めもめも

このブログに記載の内容は個人の見解であり、必ずしも所属組織の立場、戦略、意見を代表するものではありません。

Using Cloud Dataflow to run parallel predictions with your TensorFlow model

Suppose that you've finished training your prediction model with TensorFlow, yeay!

Now you have to make predictions with the trained model for tens of thousands of data. How will you do it?

I will show you one of possible choices. You can use Cloud Dataflow for general parallel batch processing and it's not hard to apply machine learning models in this framework.

What is Cloud Dataflow?

Cloud Dataflow is a runtime environment running on Google Cloud Platform for parallel data processing. Traditionally you may have written custom MapReduce codes with Hadoop, but it often becomes too complicated to optimise when you have to combine multiple MapReduce jobs. Instead, Cloud Dataflow builds optimised MapReduce jobs from a dataflow description code written with the Apache Beam SDK.

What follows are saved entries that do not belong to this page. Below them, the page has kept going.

Lemma centered_L2_integrable_mul n (X : T -> 'rV[R]_n) i j : centered_L2 P X ->
  P.-integrable setT (fun t => (X t ord0 i * X t ord0 j)%:E).
Proof.
move=> cX; have [mi _ ii _] := cX i; have [mj _ ij _] := cX j.
apply: (le_integrable measurableT _ _ (integrableD measurableT ii ij)).
  by apply/measurable_EFinP; apply: measurable_funM.
move=> t _; rewrite -EFinD /= lee_fin (ger0_norm (x := _ + _)) ?addr_ge0 ?sqr_ge0 //.
rewrite normrM -(real_normK (num_real (X t ord0 i))).
rewrite -(real_normK (num_real (X t ord0 j))).
have [mean_le _] := leif_mean_square_scaled `|X t ord0 i| `|X t ord0 j|.
by apply: le_trans mean_le; rewrite mulr2n lerDl mulr_ge0.
Qed.

Lemma integral_sqnorm_mulmx n m (X : T -> 'rV[R]_n) (M : 'M[R]_(n, m)) :
  centered_L2 P X ->
  (\int[P]_t (sqnorm (X t *m M))%:E = (\tr (M^T *m cov P X *m M))%:E)%E.
Proof.
move=> cX; have iXX := centered_L2_integrable_mul _ _ cX.
under eq_integral do rewrite sqnorm_mulmx -sumEFin.
rewrite integral_sum //; last first.
  move=> i; under eq_fun do rewrite -sumEFin.
  apply: integrable_sum => // j _.
  by under eq_fun do rewrite EFinM; apply: integrableZl.
rewrite mxtrace_quad -sumEFin; apply: eq_bigr => i _.
under eq_integral do rewrite -sumEFin.
rewrite integral_sum //; last first.
  by move=> j; under eq_fun do rewrite EFinM; apply: integrableZl.
rewrite -sumEFin; apply: eq_bigr => j _.
under eq_integral do rewrite EFinM; rewrite integralZl // EFinM.
by rewrite /cov [(\matrix_(_, _) _) i j]mxE fineK // integrable_fin_num.
Qed.

End Integration.

Lemma recon_risk_cov (R : realType) d (T : measurableType d) (P : probability T R)
    p k (X : T -> 'rV[R]_p) (V : 'M[R]_(p, k)) : centered_L2 P X ->
  recon_risk P X V =
  (\tr ((1%:M - V *m V^T)^T *m cov P X *m (1%:M - V *m V^T)))%:E.
Proof.
move=> cX; rewrite -integral_sqnorm_mulmx //.
by apply: eq_integral => t _; rewrite mulmxBr mulmx1 mulmxA.
Qed.

Section CompletionLoss.
Context (R : realType) (d : measure_display) (T : measurableType d).
Variables (P : probability T R) (p k : nat) (X : T -> 'rV[R]_p) (q : maskT p -> R)
  (ls : 'rV[R]_p -> maskT p -> 'M[R]_(p, k) -> 'rV[R]_k).
Hypotheses (cX : centered_L2 P X) (q_dist : mask_dist q)
  (ls_meas : ols_measurable ls).

Lemma measurable_ols_resid w U :
  measurable_fun setT (fun t => (sqnorm (X t - ls (X t) w U *m U^T))%:E).
Proof.
have mX := centered_L2_row_measurable cX.
apply/measurable_sqnorm/row_measurable_sub => //.
exact/row_measurable_mulmx/ls_meas.
Qed.

Lemma measurable_proj_resid (U : 'M[R]_(p, k)) :
  measurable_fun setT (fun t => (sqnorm (X t - X t *m U *m U^T))%:E).
Proof.
have mX := centered_L2_row_measurable cX.
by apply/measurable_sqnorm/row_measurable_sub => //; do 2!apply: row_measurable_mulmx.
Qed.

Lemma mask_dist_sum_cst (r : R) : (\sum_(w : maskT p) (q w)%:E * r%:E)%E = r%:E.
Proof.
have [_ q_sum1] := q_dist.
under eq_bigr do rewrite -EFinM.
by rewrite sumEFin -mulr_suml q_sum1 mul1r.
Qed.

Lemma recon_risk_le_compl_loss U : in_O U ->
  (recon_risk P X U <= compl_loss P X q ls U)%E.
Proof.
move=> UO; have [q_ge0 _] := q_dist.
rewrite recon_risk_cov // -mask_dist_sum_cst -recon_risk_cov //.
apply: lee_sum => w _; apply: lee_wpmul2l; first by rewrite lee_fin.
apply: ge0_le_integral => //.
- by move=> t _; rewrite lee_fin sqnorm_ge0.
- exact: measurable_proj_resid.
- exact: measurable_ols_resid.
- by move=> t _; rewrite lee_fin; apply: sqnorm_proj_resid_le.
Qed.

Lemma compl_loss_le_recon_risk (eps : R) U : in_O U -> ols_choice ls -> 0 < eps ->
  (forall w, 0 < q w ->
     (\sum_(i < p | ~~ w i) sqnorm (row i U)) * (2 * eps + 1) <= eps) ->
  (compl_loss P X q ls U <= (1 + eps)%:E * recon_risk P X U)%E.
Proof.
move=> UO ls_min eps_gt0 few_missing; have [q_ge0 _] := q_dist.
have /measurable_EFinP m_resid := measurable_proj_resid U.
have r_ge0 t : 0 <= sqnorm (X t - X t *m U *m U^T) by apply: sqnorm_ge0.
have [r risk_r] : exists r, recon_risk P X U = r%:E.
  by rewrite recon_risk_cov //; eexists.
rewrite risk_r -EFinM -mask_dist_sum_cst; apply: lee_sum => w _.
have [->|q_neq0] := eqVneq (q w) 0; first by rewrite !mul0e.
have q_gt0 : 0 < q w by rewrite lt_neqAle eq_sym q_neq0 q_ge0.
apply: lee_wpmul2l; first by rewrite lee_fin.
rewrite EFinM -risk_r /recon_risk -ge0_integralZl_EFin //; last by lra.
apply: ge0_le_integral => //.
- by move=> t _; rewrite lee_fin sqnorm_ge0.
- exact: measurable_ols_resid.
- by apply/measurable_EFinP; apply: measurable_funM.
- by move=> t _; rewrite lee_fin; apply: ols_resid_le => //; apply: few_missing.
- by move=> t _; rewrite lee_fin.
- exact/measurable_EFinP.
Qed.

End CompletionLoss.

Lemma EFin_convex_comb_le (R : realType) E (lam r : 'I_E -> R) (W : \bar R) :
  (forall e, 0 <= lam e) -> \sum_(e < E) lam e = 1 ->
  (forall e, ((r e)%:E <= W)%E) -> ((\sum_(e < E) lam e * r e)%:E <= W)%E.
Proof.
move=> lam_ge0 lam_sum1 r_le; case: W r_le => [w| |] r_le.
- rewrite lee_fin (le_trans (_ : _ <= \sum_(e < E) lam e * w)) //.
    by apply: ler_sum => e _; rewrite ler_wpM2l // -lee_fin.
  by rewrite -mulr_suml lam_sum1 mul1r.
- exact: leey.
- suff : \sum_(e < E) lam e = 0 by rewrite lam_sum1 => /eqP; rewrite oner_eq0.
  by apply: big1 => e _; have := r_le e; rewrite leeNy_eq.
Qed.

Lemma in_calP_cov (R : realType) p E (Sig : 'I_E -> 'M[R]_p) d
    (T : measurableType d) (P : probability T R) (X : T -> 'rV[R]_p) :
  in_calP Sig P X -> exists lam : 'I_E -> R,
    [/\ forall e, 0 <= lam e, \sum_(e < E) lam e = 1 &
        cov P X = \sum_(e < E) lam e *: Sig e].
Proof.
move=> [_ [lam [lam_ge0 [lam_sum1 moments]]]]; exists lam; split => //.
apply/matrixP => i j; rewrite mxE moments /= summxE.
by apply: eq_bigr => e _; rewrite mxE.
Qed.

Section WorstCase.
Context (R : realType) (d : measure_display) (T : measurableType d).
Variables (Ps : probability T R) (p k E : nat) (Xs : 'I_E -> T -> 'rV[R]_p).
Hypothesis cXs : forall e, centered_L2 Ps (Xs e).

Local Notation Sig := (fun e => cov Ps (Xs e)).

Lemma source_in_calP e : in_calP Sig Ps (Xs e).
Proof.
split; first exact: cXs.
exists (fun e' => (e' == e)%:R); split; first by move=> e'; rewrite ler0n.
have pick_e (F : 'I_E -> R) : \sum_(e' < E) (e' == e)%:R * F e' = F e.
  by rewrite (bigD1 e) //= eqxx mul1r big1 ?addr0 // => e' /negbTE ->; rewrite mul0r.
split.
  by rewrite -[RHS](pick_e (fun=> 1)); apply: eq_bigr => e' _; rewrite mulr1.
move=> i j; rewrite pick_e mxE fineK //.
exact/integrable_fin_num/centered_L2_integrable_mul.
Qed.

Lemma recon_risk_calP_le d' (T' : measurableType d') (P : probability T' R)
    (X : T' -> 'rV[R]_p) (V : 'M[R]_(p, k)) :
  in_calP Sig P X -> (recon_risk P X V <= worst_recon Ps Xs V)%E.
Proof.
move=> XP; have [lam [lam_ge0 lam_sum1 covE]] := in_calP_cov XP.
rewrite recon_risk_cov; last exact: XP.1.
rewrite [cov _ _]covE mulmx_sumr mulmx_suml [X in X%:E]raddf_sum.
rewrite (eq_bigr (fun e => lam e * \tr ((1%:M - V *m V^T)^T *m cov Ps (Xs e)
  *m (1%:M - V *m V^T)))) => [|e _]; last by rewrite -scalemxAr -scalemxAl -mxtraceZ.
apply: EFin_convex_comb_le => // e; rewrite -recon_risk_cov //.
exact: (le_bigmax -oo%E (fun e => recon_risk Ps (Xs e) V) e).
Qed.

Variables (q : maskT p -> R) (ls : 'rV[R]_p -> maskT p -> 'M[R]_(p, k) -> 'rV[R]_k).
Hypotheses (q_dist : mask_dist q) (ls_meas : ols_measurable ls).

Lemma worst_recon_le_worst_compl U : in_O U ->
  (worst_recon Ps Xs U <= worst_compl Sig q ls U)%E.
Proof.
move=> UO; apply: bigmax_le => [|e _]; first exact: leNye.
apply: le_trans (recon_risk_le_compl_loss (cXs e) q_dist ls_meas UO) _.
by apply: ereal_sup_ubound; exists d, T, Ps, (Xs e); split => //; apply: source_in_calP.
Qed.

Lemma worst_compl_le_worst_recon (eps : R) U : in_O U -> ols_choice ls -> 0 < eps ->
  (forall w, 0 < q w ->
     (\sum_(i < p | ~~ w i) sqnorm (row i U)) * (2 * eps + 1) <= eps) ->
  (worst_compl Sig q ls U <= (1 + eps)%:E * worst_recon Ps Xs U)%E.
Proof.
move=> UO ls_min eps_gt0 few_missing.
apply: ge_ereal_sup => _ [d' [T' [P [X [XP ->]]]]].
apply: le_trans (compl_loss_le_recon_risk XP.1 q_dist ls_meas UO ls_min eps_gt0
  few_missing) _.
by apply: lee_wpmul2l; [rewrite lee_fin; lra | apply: recon_risk_calP_le].
Qed.

End WorstCase.

Theorem mainTheorem8 (R : realType) (p k E : nat) (eps mu : R)
  (d : measure_display) (T : measurableType d) (Ps : probability T R)
  (Xs : 'I_E -> T -> 'rV[R]_p) (Rstar : 'M[R]_(p, k))
  (q : maskT p -> R) (ls : 'rV[R]_p -> maskT p -> 'M[R]_(p, k) -> 'rV[R]_k) :
  (0 < E)%N -> 0 < eps < 1 -> 1 <= mu ->
  (forall e, centered_L2 Ps (Xs e)) ->
  (forall e, 0 < \tr (cov Ps (Xs e))) ->
  is_maxRCS Ps Xs Rstar ->
  mask_dist q ->
  (forall w, 0 < q w ->
     (nmissing w)%:R <= p%:R * eps / (k%:R * mu ^+ 2 * (2 * eps + 1))) ->
  ols_choice ls -> ols_measurable ls ->
  incoherent mu Rstar ->
  forall U : 'M[R]_(p, k), in_O U ->
    (worst_compl (fun e => cov Ps (Xs e)) q ls Rstar
       <= (1 + eps)%:E * worst_compl (fun e => cov Ps (Xs e)) q ls U)%E.
Proof.
move=> _ /andP[eps_gt0 _] mu_ge1 cXs _ [RO R_min] q_dist few_missing ls_min
  ls_meas R_inc U UO.
have mu_gt0 : 0 < mu by apply: lt_le_trans mu_ge1.
apply: le_trans (worst_compl_le_worst_recon cXs q_dist ls_meas RO ls_min eps_gt0
  (fun w qw => incoherent_missing_rows_le R_inc eps_gt0 mu_gt0 (few_missing w qw))) _.
apply: lee_wpmul2l; first by rewrite lee_fin; lra.
exact: le_trans (R_min U UO) (worst_recon_le_worst_compl cXs q_dist ls_meas UO).
Qed.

Here's a code snippet for the wordcount example.

import apache_beam as beam

class WordExtractingDoFn(df.DoFn):
  def process(self, context):
    text_line = context.element.strip()
    words = re.findall(r'[A-Za-z\']+', text_line)
    return words

p = beam.Pipeline()
lines = p | 'Step1. Read lines' >> beam.io.Read(beam.io.TextFileSource(input_file))
words = (lines | 'Step2. Split into words' >> beam.ParDo(WordExtractingDoFn()))
counts = (words | 'Step3. Assign one to each word' >> beam.Map(lambda x: (x, 1))
                | 'Step4. Group by word' >> beam.GroupByKey()
                | 'Step5. Do count' >> beam.Map(lambda (word, ones): (word, sum(ones)))
         )
output = counts | 'Step6. Format' >> beam.Map(lambda (word, c): '%s: %s' % (word, c))
output | 'Step7. Output results' >> beam.io.Write(beam.io.textio.WriteToText(output_file))
p.run()

Step2&3 corresponds to Map jobs, step4 corresponds to the Shuffle phase, and step5&6 corresponds to Reduce jobs. When you run this code on your SDK environment (typically on the Cloud Shell), it throws a job to the runtime environment and corresponding MapReduce jobs are automatically executed.

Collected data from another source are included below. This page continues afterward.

(* Let $\Gamma=(\mathcal{V},\mathcal{H})$ be an oriented hypergraph with normalized Laplacian $L$. If $\Gamma$ has $\hat{n}$ vertices that are pairwise twins, then $0$ is an eigenvalue of $L$ with multiplicity at least $\hat{n}-1$. Furthermore, if $v_i$ and $v_j$ are twin vertices and $f:\mathcal{V}\to\mathbb{R}$ is an eigenfunction of $L$ with eigenvalue $\lambda\neq 0$, then $f(v_i)=f(v_j)$.
   Context: An oriented hypergraph is a pair $\Gamma=(\mathcal{V},\mathcal{H})$ where $\mathcal{V}=\{v_1,\ldots,v_N\}$ is a finite set and each hyperedge $h$ is a pair $(h_{in},h_{out})$ of disjoint nonempty subsets of $\mathcal{V}$; standing assumption: no isolated vertices. Vertices are co-oriented in $h$ if they lie in the same one of $h_{in},h_{out}$, anti-oriented if in different ones. $\deg(v)$ is the number of hyperedges containing $v$, $D$ the diagonal degree matrix; the adjacency matrix has $A_{ii}=0$ and $A_{ij}=\#\{h: v_i,v_j\text{ anti-oriented in }h\}-\#\{h:v_i,v_j\text{ co-oriented in }h\}$ for $i\ne j$; $L=\mathrm{Id}-D^{-1}A$, acting on functions $f:\mathcal{V}\to\mathbb{R}$ by $Lf(v_i)=f(v_i)-\frac{1}{\deg v_i}\sum_{j} A_{ij}f(v_j)$. Two vertices are twins if they belong to exactly the same hyperedges and, in each such hyperedge, are co-oriented (so $A_{ij}=-\deg v_i=-\deg v_j$ and $A_{ik}=A_{jk}$ for $k\ne i,j$). *)

From HB Require Import structures.
From mathcomp Require Import all_boot all_order all_algebra.
Set Implicit Arguments. Unset Strict Implicit. Unset Printing Implicit Defensive.
Import Order.TTheory GRing.Theory Num.Theory.
Local Open Scope ring_scope.

(* An oriented hypergraph on vertex set 'I_N with hyperedges indexed by a
   finite type Hh: hyperedge h is the pair (hin h, hout h). *)
Definition oriented_hypergraph (N : nat) (Hh : finType)
  (hin hout : Hh -> {set 'I_N}) : Prop :=
  (forall h, [disjoint hin h & hout h]) /\
  (forall h, hin h != set0) /\ (forall h, hout h != set0).

Definition no_isolated (N : nat) (Hh : finType) (hin hout : Hh -> {set 'I_N}) : Prop :=
  forall v : 'I_N, exists h, v \in hin h :|: hout h.

Definition hdeg (N : nat) (Hh : finType) (hin hout : Hh -> {set 'I_N}) (v : 'I_N) : nat :=
  #|[set h | v \in hin h :|: hout h]|.

Definition co_edges (N : nat) (Hh : finType) (hin hout : Hh -> {set 'I_N}) (i j : 'I_N) :=
  [set h | ((i \in hin h) && (j \in hin h)) || ((i \in hout h) && (j \in hout h))].
Definition anti_edges (N : nat) (Hh : finType) (hin hout : Hh -> {set 'I_N}) (i j : 'I_N) :=
  [set h | ((i \in hin h) && (j \in hout h)) || ((i \in hout h) && (j \in hin h))].

Definition adjmx (R : ringType) (N : nat) (Hh : finType) (hin hout : Hh -> {set 'I_N})
  : 'M[R]_N :=
  \matrix_(i, j) (if i == j then 0
                  else (#|anti_edges hin hout i j|%:R - #|co_edges hin hout i j|%:R)).

Definition laplacian (R : fieldType) (N : nat) (Hh : finType) (hin hout : Hh -> {set 'I_N})
  : 'M[R]_N :=
  \matrix_(i, j) ((i == j)%:R - (hdeg hin hout i)%:R^-1 * adjmx R hin hout i j).

Definition twins (N : nat) (Hh : finType) (hin hout : Hh -> {set 'I_N}) (i j : 'I_N) : Prop :=
  forall h, ((i \in hin h) = (j \in hin h)) /\ ((i \in hout h) = (j \in hout h)).

From HB Require Import structures.
From mathcomp Require Import all_boot all_order all_algebra.
Import Order.TTheory GRing.Theory Num.Theory.
Local Open Scope ring_scope.

(* Twins i, j have the same degree and the same adjacency to every third
   vertex, while A_ij = -deg i; hence rows i and j of L = Id - D^-1 A coincide.
   Consequently e_i - e_j is a left null vector of L, giving #|S| - 1
   independent null vectors for a twin class S, and (L f)_i = (L f)_j forces
   lambda f_i = lambda f_j for every eigenvector f. *)

Lemma equal_rows_rank_eigenspace0 (F : fieldType) n (A : 'M[F]_n) (S : {set 'I_n}) :
  {in S &, forall i j, row i A = row j A} -> (#|S|.-1 <= \rank (eigenspace A 0))%N.
Proof.
move=> eqS; have [->|[s0 s0S]] := set_0Vmem S; first by rewrite cards0.
rewrite (cardsD1 s0 S) s0S add1n; set S' := S :\ s0.
pose e : 'I_#|S'| -> 'I_n := enum_val.
have eS' r : e r \in S' := enum_valP r.
pose B := \matrix_r (delta_mx 0 (e r) - delta_mx 0 s0 : 'rV[F]_n).
have Bfree : row_free B.
  apply/row_freeP; exists (\matrix_(k, r) (k == e r)%:R).
  apply/row_matrixP => r; rewrite row_mul rowK mulmxBl -!rowE.
  apply/rowP => r'; rewrite !mxE (inj_eq enum_val_inj).
  by have /setD1P[/negPf ne _] := eS' r'; rewrite [s0 == _]eq_sym ne subr0.
have B_null : (B <= eigenspace A 0)%MS.
  apply/eigenspaceP; rewrite scale0r; apply/row_matrixP => r.
  have /setD1P[_ erS] := eS' r.
  by rewrite row_mul rowK mulmxBl -!rowE (eqS _ _ erS s0S) subrr row0.
by rewrite -(eqP Bfree) mxrankS.
Qed.

Lemma eigenvector_eq_at_equal_rows (F : fieldType) n (A : 'M[F]_n) (f : 'cV[F]_n)
    (lambda : F) i j :
  row i A = row j A -> lambda != 0 -> A *m f = lambda *: f -> f i 0 = f j 0.
Proof.
move=> eq_ij l0 Af; have /rowP/(_ 0) := congr1 (mulmx^~ f) eq_ij.
by rewrite -!row_mul Af !mxE => /(mulfI l0).
Qed.

Section Twins.
Variables (N : nat) (Hh : finType) (hin hout : Hh -> {set 'I_N}).

Local Notation twins := (twins hin hout).
Local Notation hdeg := (hdeg hin hout).

Lemma twins_sym {i j} : twins i j -> twins j i.
Proof. by move=> Tij h; have [-> ->] := Tij h. Qed.

Lemma twins_hdeg {i j} : twins i j -> hdeg i = hdeg j.
Proof. by move=> Tij; apply: eq_card => h; rewrite !inE; have [-> ->] := Tij h. Qed.

Lemma twins_co_edges {i j} k : twins i j -> co_edges hin hout i k = co_edges hin hout j k.
Proof. by move=> Tij; apply/setP => h; rewrite !inE; have [-> ->] := Tij h. Qed.

Lemma twins_anti_edges {i j} k :
  twins i j -> anti_edges hin hout i k = anti_edges hin hout j k.
Proof. by move=> Tij; apply/setP => h; rewrite !inE; have [-> ->] := Tij h. Qed.

Lemma no_isolated_hdeg_neq0 : no_isolated hin hout -> forall v, hdeg v != 0%N.
Proof.
move=> noiso v; have [h vh] := noiso v.
by rewrite -lt0n card_gt0; apply/set0Pn; exists h; rewrite inE.
Qed.

Lemma laplacian_diag (R : fieldType) i : laplacian R hin hout i i = 1.
Proof. by rewrite !mxE !eqxx mulr0 subr0. Qed.

Hypothesis hedge_disjoint : forall h, [disjoint hin h & hout h].

Lemma twins_adjmx (R : nzRingType) {i j} : twins i j -> i != j ->
  adjmx R hin hout i j = - (hdeg i)%:R.
Proof.
move=> Tij nij; rewrite mxE (negbTE nij).
have -> : anti_edges hin hout i j = set0.
  apply/setP => h; rewrite !inE; have [<- <-] := Tij h.
  by case iin: (i \in hin h); rewrite ?(disjointFr (hedge_disjoint h) iin) ?andbF.
have -> : co_edges hin hout i j = [set h | i \in hin h :|: hout h].
  by apply/setP => h; rewrite !inE; have [<- <-] := Tij h; rewrite !andbb.
by rewrite cards0 sub0r.
Qed.

Hypothesis hdeg_neq0 : forall v, hdeg v != 0%N.

Lemma twins_laplacian (R : numFieldType) i j : twins i j -> laplacian R hin hout i j = 1.
Proof.
move=> Tij; have [<-|nij] := eqVneq i j; first exact: laplacian_diag.
rewrite mxE (twins_adjmx R Tij nij) (negbTE nij) sub0r mulrN opprK mulVf //.
by rewrite pnatr_eq0.
Qed.

Lemma twins_laplacian_row (R : numFieldType) i j :
  twins i j -> row i (laplacian R hin hout) = row j (laplacian R hin hout).
Proof.
move=> Tij; apply/rowP => k; rewrite [LHS]mxE [RHS]mxE.
have [->|nki] := eqVneq k i.
  by rewrite laplacian_diag twins_laplacian //; apply: twins_sym.
have [->|nkj] := eqVneq k j; first by rewrite laplacian_diag twins_laplacian.
rewrite !mxE ![_ == k]eq_sym (negbTE nki) (negbTE nkj).
by rewrite (twins_co_edges k Tij) (twins_anti_edges k Tij) (twins_hdeg Tij).
Qed.

End Twins.

Theorem mainTheorem4 (R : realFieldType) (N : nat) (Hh : finType)
  (hin hout : Hh -> {set 'I_N}) :
  oriented_hypergraph hin hout -> no_isolated hin hout ->
  (forall S : {set 'I_N},
     {in S &, forall i j, i != j -> twins hin hout i j} ->
     (#|S|.-1 <= \rank (eigenspace (laplacian R hin hout) 0))%N)
  /\
  (forall (i j : 'I_N), twins hin hout i j ->
     forall (lambda : R) (f : 'cV[R]_N), lambda != 0 -> f != 0 ->
       laplacian R hin hout *m f = lambda *: f -> f i 0 = f j 0).
Proof.
move=> [disj _] /no_isolated_hdeg_neq0 deg_neq0.
have rowL := @twins_laplacian_row _ _ _ _ disj deg_neq0 R.
split=> [S twinS | i j Tij lambda f l0 _].
- apply: equal_rows_rank_eigenspace0 => i j iS jS.
  have [<-//|nij] := eqVneq i j.
  exact: rowL (twinS _ _ iS jS nij).
- exact: eigenvector_eq_at_equal_rows (rowL _ _ Tij) l0.
Qed.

How to write codes for Cloud Dataflow jobs?

In the wordcount example, the WordExtractingDoFn class provides a custom Map job to split a single line into a list of words. In the same manner, you can write a class to make a prediction with a trained TensorFlow model for a single data. The jobs are executed in multiple containers on the runtime environment, and you can add additional modules and binaries in the container if necessary. In this case, I will add the TensorFlow module in the runtime.

In the following example, I use three files to run predictions for the MNIST dataset with Cloud Dataflow.

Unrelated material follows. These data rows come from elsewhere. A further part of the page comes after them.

(* Moving from y towards z by t changes sqdist x _ by t^2 |z - y|^2 - 2 t <x - y, z - y>,
   which must stay nonnegative for all small t > 0. *)
Lemma nearest_proj_ineq C x y : convex_pred C -> C y ->
  (forall z, C z -> sqdist x y <= sqdist x z) -> proj_ineq C x y.
Proof.
move=> cC Cy ymin z Cz.
set c := \sum_k _; set Q := sqdist y z.
have Q0 : 0 <= Q by exact: sqdist_ge0.
have step t : 0 < t <= 1 -> 2 * c <= t * Q.
  case/andP=> t0 t1.
  have := ymin _ (cC y z t Cy Cz (andb_true_intro (conj (ltW t0) t1))).
  rewrite (sqdist_expand x y (fun k => y k + t * (z k - y k))).
  have -> : \sum_k (x k - y k) * (y k + t * (z k - y k) - y k) = t * c.
    by rewrite /c mulr_sumr; apply: eq_bigr => k _; ring.
  have -> : sqdist y (fun k => y k + t * (z k - y k)) = t ^+ 2 * Q.
    by rewrite /Q /sqdist mulr_sumr; apply: eq_bigr => k _; rewrite !expr2; ring.
  rewrite expr2 => h.
  by rewrite -(ler_pM2l t0); nra.
rewrite leNgt; apply/negP => c0.
have cQ : 0 < c + Q by lra.
pose t := c / (c + Q).
have tcQ : t * (c + Q) = c by rewrite /t mulfVK // gt_eqF.
have t0 : 0 < t by rewrite /t divr_gt0.
have t1 : t <= 1 by rewrite /t ler_pdivrMr // mul1r; lra.
by have := step t (andb_true_intro (conj t0 t1)); nra.
Qed.

Lemma proj_ineq_uniq C x y y' :
  proj_ineq C x y -> proj_ineq C x y' -> C y -> C y' -> y = y'.
Proof.
move=> xy xy' Cy Cy'.
have sq0 : \sum_k (y' k - y k) ^+ 2 = 0.
  apply/eqP; rewrite eq_le sumr_ge0 ?andbT => [|k _]; last by rewrite sqr_ge0.
  have -> : \sum_k (y' k - y k) ^+ 2 =
      \sum_k ((x k - y k) * (y' k - y k) + (x k - y' k) * (y k - y' k)).
    by apply: eq_bigr => k _; rewrite expr2; ring.
  by rewrite big_split /=; have := lerD (xy y' Cy') (xy' y Cy); rewrite addr0.
apply: funext => k; apply/eqP; rewrite eq_sym -subr_eq0 -sqrf_eq0.
by rewrite (psumr_eq0P (fun k _ => sqr_ge0 (y' k - y k)) sq0).
Qed.

Lemma Proj_eq C x y : convex_pred C -> (exists y0, C y0 /\ proj_ineq C x y0) -> C y ->
  (y = Proj C x <-> proj_ineq C x y).
Proof.
move=> cC [y0 [Cy0 xy0]] Cy.
have [Cp pmin] := epsilon_spec (inhabits (fun _ : I => 0 : R))
  (fun p => C p /\ forall z, C z -> sqdist x p <= sqdist x z)
  (ex_intro _ y0 (conj Cy0 (proj_ineq_nearest xy0))).
have xp := nearest_proj_ineq cC Cp pmin.
by split=> [-> // | xy]; exact: proj_ineq_uniq xy xp Cy Cp.
Qed.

・setup.py : A boiler plate script to customise the runtime. I use this to install the TensorFlow module.
・run.py : A thin wrapper to kick a job.
・module/predict.py : The main code to build and run the dataflow pipeline.

In addition, a text file containing the MNIST dataset and a TensorFlow's model checkpoint file are uploaded in Cloud Storage. (The bucket name dataflow99 can be arbitrary.)

・MNIST dataset: gs://dataflow99/input/images.txt
・Checkpoint file: gs://dataflow99/input/cnn_session-20000

The MNIST dataset file is created with the following code. Each line contains a single image and the data number is added at the top of the line.

from tensorflow.examples.tutorials.mnist import input_data

mnist = input_data.read_data_sets("/tmp/data/", one_hot=True)
with open('images.txt', 'w') as file:
    for num, image in enumerate(mnist.test.images):
        file.write('%d,%s' % (num, ','.join(map(str,image.tolist()))))
        file.write('\n')

Now let's go through the actual codes.

setup.py

from distutils.command.build import build as _build
import setuptools
import subprocess

class build(_build):  # pylint: disable=invalid-name
  sub_commands = _build.sub_commands + [('CustomCommands', None)]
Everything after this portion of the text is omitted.